From the data underneath, reproduce exactly the stretch that begins at the line with "Lemma form_id_sum (z" and ends after the line with "(Hr _ (or_introl eq_refl)).".

Data records.
____________________

(* The Courant-Fischer principle bounds lambda_(N-k+1) from below by c as soon
   as the Rayleigh quotient of the normalized Laplacian is at least c on some
   k-dimensional space of functions.  For a k-sub-bipartition (V_(2i-1), V_(2i))
   take the span of the functions that are 1 on V_(2i-1), -1 on V_(2i) and 0
   elsewhere.  For h = sum_i a_i f_i, the energy sum_(u,v) w_uv |h u - h v|^2
   receives at least |a_i|^2 * 2 (4 |E(V_(2i-1), V_(2i))| + |E(V_(2i-1) u V_(2i), V^* )|)
   from edges inside the i-th pair or between it and V^*, while
   sum_u d_u |h u|^2 = sum_i |a_i|^2 vol(V_(2i-1) u V_(2i)); comparing the two
   gives a Rayleigh quotient at least 2 h^*(k).  MathComp's spectral theorem
   is stated for normal matrices over a closed field, so the symmetrized
   Laplacian D^(1/2) Delta D^(-1/2) is viewed as a matrix over R[i]. *)

From mathcomp Require Import all_boot all_order all_algebra.
From mathcomp Require Import sesquilinear spectral zify ring lra.
From mathcomp Require Import reals.
From mathcomp.real_closed Require Import complex.
Set Implicit Arguments. Unset Strict Implicit. Unset Printing Implicit Defensive.
Import Order.TTheory GRing.Theory Num.Theory.
Local Open Scope ring_scope.
Local Open Scope sesquilinear_scope.

Lemma char_poly_similar (F : comNzRingType) n (Q P A : 'M[F]_n) :
  Q *m P = 1%:M -> char_poly (Q *m A *m P) = char_poly A.
Proof.
move=> QP.
have QPC : map_mx polyC Q *m map_mx polyC P = 1%:M by rewrite -map_mxM QP map_mx1.
rewrite /char_poly.
have -> : char_poly_mx (Q *m A *m P) =
          map_mx polyC Q *m char_poly_mx A *m map_mx polyC P.
  rewrite /char_poly_mx mulmxBr mulmxBl -!map_mxM.
  by rewrite mul_mx_scalar -scalemxAl QPC scalemx1.
by rewrite !det_mulmx mulrAC -det_mulmx QPC det1 mul1r.
Qed.

Section CourantFischer.
Variables (C : numClosedFieldType) (n : nat).

Lemma form_diag_sum (z d : 'rV[C]_n) :
  (z *m diag_mx d *m z ^t*) 0 0 = \sum_j z 0 j * d 0 j * (z 0 j)^*.
Proof. by rewrite mul_mx_diag !mxE; apply: eq_bigr => j _; rewrite !mxE. Qed.

Lemma form_id_sum (z : 'rV[C]_n) : (z *m z ^t*) 0 0 = \sum_j z 0 j * (z 0 j)^*.
Proof. by rewrite !mxE; apply: eq_bigr => j _; rewrite !mxE. Qed.
Lemma right_nbhdI lo p S S' :
  right_nbhd lo p S -> right_nbhd lo p S' -> right_nbhd lo p (fun q => S q /\ S' q).
Proof.
  destruct ltL_linear as [_ [ltL_trans ltL_total]].
  intros [b [pb Hb]] [b' [pb' Hb']].
  destruct (ltL_total b b') as [bb'|[<-|b'b]].
  - exists b; split; [exact pb|]; intros q loq qb; split; eauto.
  - exists b; split; [exact pb|]; auto.
  - exists b'; split; [exact pb'|]; intros q loq qb'; split; eauto.
Qed.

Lemma order_open_of_intervals V :
  (forall q, V q -> exists a b, ltL a q /\ ltL q b /\
     forall r, ltL a r -> ltL r b -> V r) ->
  order_open ltL V.
Proof.
  intros HV q Vq; destruct (HV q Vq) as [a [b [aq [qb Hab]]]].
  exists ((fun r => ltL a r) :: (fun r => ltL r b) :: nil); split.
  - intros W [<-|[<-|[]]]; split; auto.
    + exists a; right; tauto.
    + exists b; left; tauto.
  - intros r Hr; apply Hab.
    + apply (Hr _ (or_introl eq_refl)).
    + apply Hr; right; left; reflexivity.
Qed.

Lemma order_open_right_nbhd {lo p p'} V :
  ~ (exists q, ltL lo q /\ ltL q p) -> ltL p p' ->
  order_open ltL V -> V p -> right_nbhd lo p V.
Proof.
  destruct ltL_linear as [_ [ltL_trans ltL_total]].
  intros lo_adj pp' HV Vp.
  apply (@subbasic_nbhd_in_filter _ (open_ray ltL) p (right_nbhd lo p)).
  - exact (right_nbhdT lo pp').
  - intros S S' SS'; apply right_nbhd_mono; exact SS'.
  - apply right_nbhdI.
  - intros W [a [HW|HW]] Wp; apply HW in Wp.
    + exists a; split; [exact Wp|]; intros q _ qa; apply HW; exact qa.
    + exists p'; split; [exact pp'|]; intros q loq _; apply HW.
      destruct (ltL_total a lo) as [alo|[<-|loa]]; eauto.
      exfalso; apply lo_adj; eauto.
  - exact (HV p Vp).
Qed.
End OrderTopology.

Inductive tag := Lo | Mid | Hi.

Definition tag_rank (e : tag) : nat :=
  match e with Lo => 0 | Mid => 1 | Hi => 2 end.

Definition tag_lt (e f : tag) : Prop := tag_rank e < tag_rank f.

Lemma tag_lt_irrefl e : ~ tag_lt e e.
Proof. unfold tag_lt; lia. Qed.

Lemma tag_lt_trans e f g : tag_lt e f -> tag_lt f g -> tag_lt e g.
Proof. unfold tag_lt; lia. Qed.

Lemma tag_lt_total e f : tag_lt e f \/ e = f \/ tag_lt f e.
Proof. unfold tag_lt; destruct e, f; simpl; auto with arith. Qed.

Lemma tag_lt_Hi e : e <> Hi -> tag_lt e Hi.
Proof. unfold tag_lt; destruct e; simpl; auto with arith; congruence. Qed.

Lemma Hi_not_tag_lt f : ~ tag_lt Hi f.
Proof. unfold tag_lt; destruct f; simpl; lia. Qed.

Section Tree.
Variables (T : Type) (le : T -> T -> Prop).
Hypothesis tree_refl : forall x, le x x.
Hypothesis tree_antisym : forall x y, le x y -> le y x -> x = y.
Hypothesis tree_trans : forall x y z, le x y -> le y z -> le x z.
Hypothesis tree_wo : forall t, well_ordered_subset le (fun s => lt le s t).

Local Notation lt := (Defs.lt le).
Local Notation succ := (immediate_successor le).

Lemma lt_le x y : lt x y -> le x y.
Proof. intros [xy _]; exact xy. Qed.

Lemma lt_irrefl x : ~ lt x x.
Proof. intros [_ xx]; auto. Qed.

Lemma le_lt_trans x y z : le x y -> lt y z -> lt x z.
Proof. intros xy [yz nyz]; split; eauto; intros ->; auto. Qed.

Lemma lt_le_trans x y z : lt x y -> le y z -> lt x z.
Proof. intros [xy nxy] yz; split; eauto; intros ->; auto. Qed.

Lemma lt_not_ge x y : lt x y -> ~ le y x.
Proof. intros [xy nxy] yx; auto. Qed.

Lemma le_eq_or_lt x y : le x y -> x = y \/ lt x y.
Proof. intros xy; destruct (classic (x = y)); [left|right; split]; auto. Qed.

Lemma comparable_below a b x : le a x -> le b x -> le a b \/ le b a.
Proof.
  intros ax bx.
  destruct (le_eq_or_lt ax) as [->|ax']; [auto|].
  destruct (le_eq_or_lt bx) as [->|bx']; [auto|].
  apply (proj1 (tree_wo x)); auto.
Qed.

Lemma bounded_least (P : T -> Prop) x :
  (forall w, P w -> le w x) -> (exists w, P w) ->
  exists m, P m /\ forall w, P w -> le m w.
Proof.
  intros Px [w Pw].
  destruct (classic (exists v, P v /\ lt v x)) as [[v [Pv vx]]|below_x].
  - destruct (proj2 (tree_wo x) (fun v => P v /\ lt v x)) as [m [[Pm mx] Hm]];
      [tauto|eauto|].
    exists m; split; [exact Pm|]; intros u Pu.
    destruct (le_eq_or_lt (Px u Pu)) as [->|ux]; [apply lt_le; exact mx|auto].
  - assert (eq_x : forall u, P u -> u = x).
    { intros u Pu; destruct (le_eq_or_lt (Px u Pu)) as [->|ux]; [auto|].
      exfalso; eauto. }
    exists x; split; [rewrite <- (eq_x w Pw); exact Pw|].
    intros u Pu; rewrite (eq_x u Pu); apply tree_refl.
Qed.

Lemma immediate_successor_below x y : lt x y -> exists c, succ x c /\ le c y.
Proof.
  intros xy.
  destruct (@bounded_least (fun w => lt x w /\ le w y) y) as [c [[xc cy] Hc]];
    [tauto|eauto|].
  exists c; split; [split; [exact xc|]|exact cy].
  intros [z [xz zc]].
  apply (lt_not_ge zc); apply Hc; split; [exact xz|].
  apply lt_le; eapply lt_le_trans; eauto.
Qed.

Lemma lt_immediate_successor p a : succ p a -> forall z, lt z a <-> le z p.
Proof.
  intros [pa p_adj] z; split.
  - intros za.
    destruct (comparable_below (lt_le za) (lt_le pa)) as [zp|pz]; [exact zp|].
    destruct (le_eq_or_lt pz) as [->|pz']; [apply tree_refl|].
    exfalso; apply p_adj; eauto.
  - intros zp; eapply le_lt_trans; eauto.
Qed.

Lemma immediate_predecessor_unique p q a : succ p a -> succ q a -> p = q.
Proof.
  intros pa qa.
  apply tree_antisym.
  - apply (lt_immediate_successor qa), (lt_immediate_successor pa), tree_refl.
  - apply (lt_immediate_successor pa), (lt_immediate_successor qa), tree_refl.
Qed.

Definition siblings a b := a <> b /\ forall z, lt z a <-> lt z b.

Lemma siblings_sym a b : siblings a b -> siblings b a.
Proof. intros [ab Hab]; split; [auto|]; intros z; rewrite Hab; tauto. Qed.

Lemma siblings_immediate_successor p a b : siblings a b -> succ p a -> succ p b.
Proof.
  intros [_ Hab] pa; split.
  - apply Hab, (lt_immediate_successor pa), tree_refl.
  - intros [z [pz zb]]; apply Hab, (lt_immediate_successor pa) in zb.
    exact (lt_not_ge pz zb).
Qed.

Lemma immediate_successors_siblings p a b :
  succ p a -> succ p b -> a <> b -> siblings a b.
Proof.
  intros pa pb ab; split; [exact ab|]; intros z.
  rewrite (lt_immediate_successor pa), (lt_immediate_successor pb); tauto.
Qed.

Lemma siblings_no_common_upper a b x : siblings a b -> le a x -> le b x -> False.
Proof.
  intros [ab Hab] ax bx.
  destruct (comparable_below ax bx) as [a_b|b_a].
  - destruct (le_eq_or_lt a_b) as [|a_b']; [auto|].
    apply Hab in a_b'; exact (lt_irrefl a_b').
  - destruct (le_eq_or_lt b_a) as [|b_a']; [auto|].
    apply Hab in b_a'; exact (lt_irrefl b_a').
Qed.

Lemma first_divergence x y a :
  le a x -> ~ le a y -> (forall z, le z x -> ~ le z y -> le a z) ->
  forall z, lt z a <-> le z x /\ le z y.
Proof.
  intros ax nay a_least z; split.
  - intros za; split; [apply lt_le; eapply lt_le_trans; eauto|].
    apply NNPP; intros nzy.
    exact (lt_not_ge za (a_least z (tree_trans (lt_le za) ax) nzy)).
  - intros [zx zy].
    destruct (comparable_below zx ax) as [z_a|a_z].
    + destruct (le_eq_or_lt z_a) as [<-|]; [contradiction|assumption].
    + exfalso; apply nay; eauto.
Qed.

Section BranchOrder.
Variable R : T -> T -> Prop.
Hypothesis R_linear : strict_linear_order R.
Variable idx : T -> T -> nat.
Hypothesis idx_inj : forall p a b, succ p a -> succ p b -> idx p a = idx p b -> a = b.

(* Children of p are listed by decreasing index, so they accumulate at p from
   the right; siblings without an immediate predecessor are ordered by R. *)
Definition sib_lt a b : Prop :=
  siblings a b /\
  ((exists p, succ p a /\ succ p b /\ idx p b < idx p a) \/
   ((~ exists p, succ p a) /\ R a b)).

Lemma sib_lt_lt_l a b z : sib_lt a b -> lt z a -> lt z b.
Proof. intros [[_ Hab] _]; apply Hab. Qed.

Lemma sib_lt_lt_r a b z : sib_lt a b -> lt z b -> lt z a.
Proof. intros [[_ Hab] _]; apply Hab. Qed.

Lemma sib_lt_asym a b : sib_lt a b -> sib_lt b a -> False.
Proof.
  intros [_ [[p [pa [pb ba]]]|[na Rab]]] [_ [[q [qb [qa ab]]]|[nb Rba]]].
  - rewrite (immediate_predecessor_unique pa qa) in ba; lia.
  - apply nb; eauto.
  - apply na; eauto.
  - destruct R_linear as [Rirr [Rtrans _]]; apply (Rirr a); eauto.
Qed.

____________________

Result of the exercise.
Lemma form_id_sum (z : 'rV[C]_n) : (z *m z ^t*) 0 0 = \sum_j z 0 j * (z 0 j)^*.
Proof. by rewrite !mxE; apply: eq_bigr => j _; rewrite !mxE. Qed.
Lemma right_nbhdI lo p S S' :
  right_nbhd lo p S -> right_nbhd lo p S' -> right_nbhd lo p (fun q => S q /\ S' q).
Proof.
  destruct ltL_linear as [_ [ltL_trans ltL_total]].
  intros [b [pb Hb]] [b' [pb' Hb']].
  destruct (ltL_total b b') as [bb'|[<-|b'b]].
  - exists b; split; [exact pb|]; intros q loq qb; split; eauto.
  - exists b; split; [exact pb|]; auto.
  - exists b'; split; [exact pb'|]; intros q loq qb'; split; eauto.
Qed.

Lemma order_open_of_intervals V :
  (forall q, V q -> exists a b, ltL a q /\ ltL q b /\
     forall r, ltL a r -> ltL r b -> V r) ->
  order_open ltL V.
Proof.
  intros HV q Vq; destruct (HV q Vq) as [a [b [aq [qb Hab]]]].
  exists ((fun r => ltL a r) :: (fun r => ltL r b) :: nil); split.
  - intros W [<-|[<-|[]]]; split; auto.
    + exists a; right; tauto.
    + exists b; left; tauto.
  - intros r Hr; apply Hab.
    + apply (Hr _ (or_introl eq_refl)).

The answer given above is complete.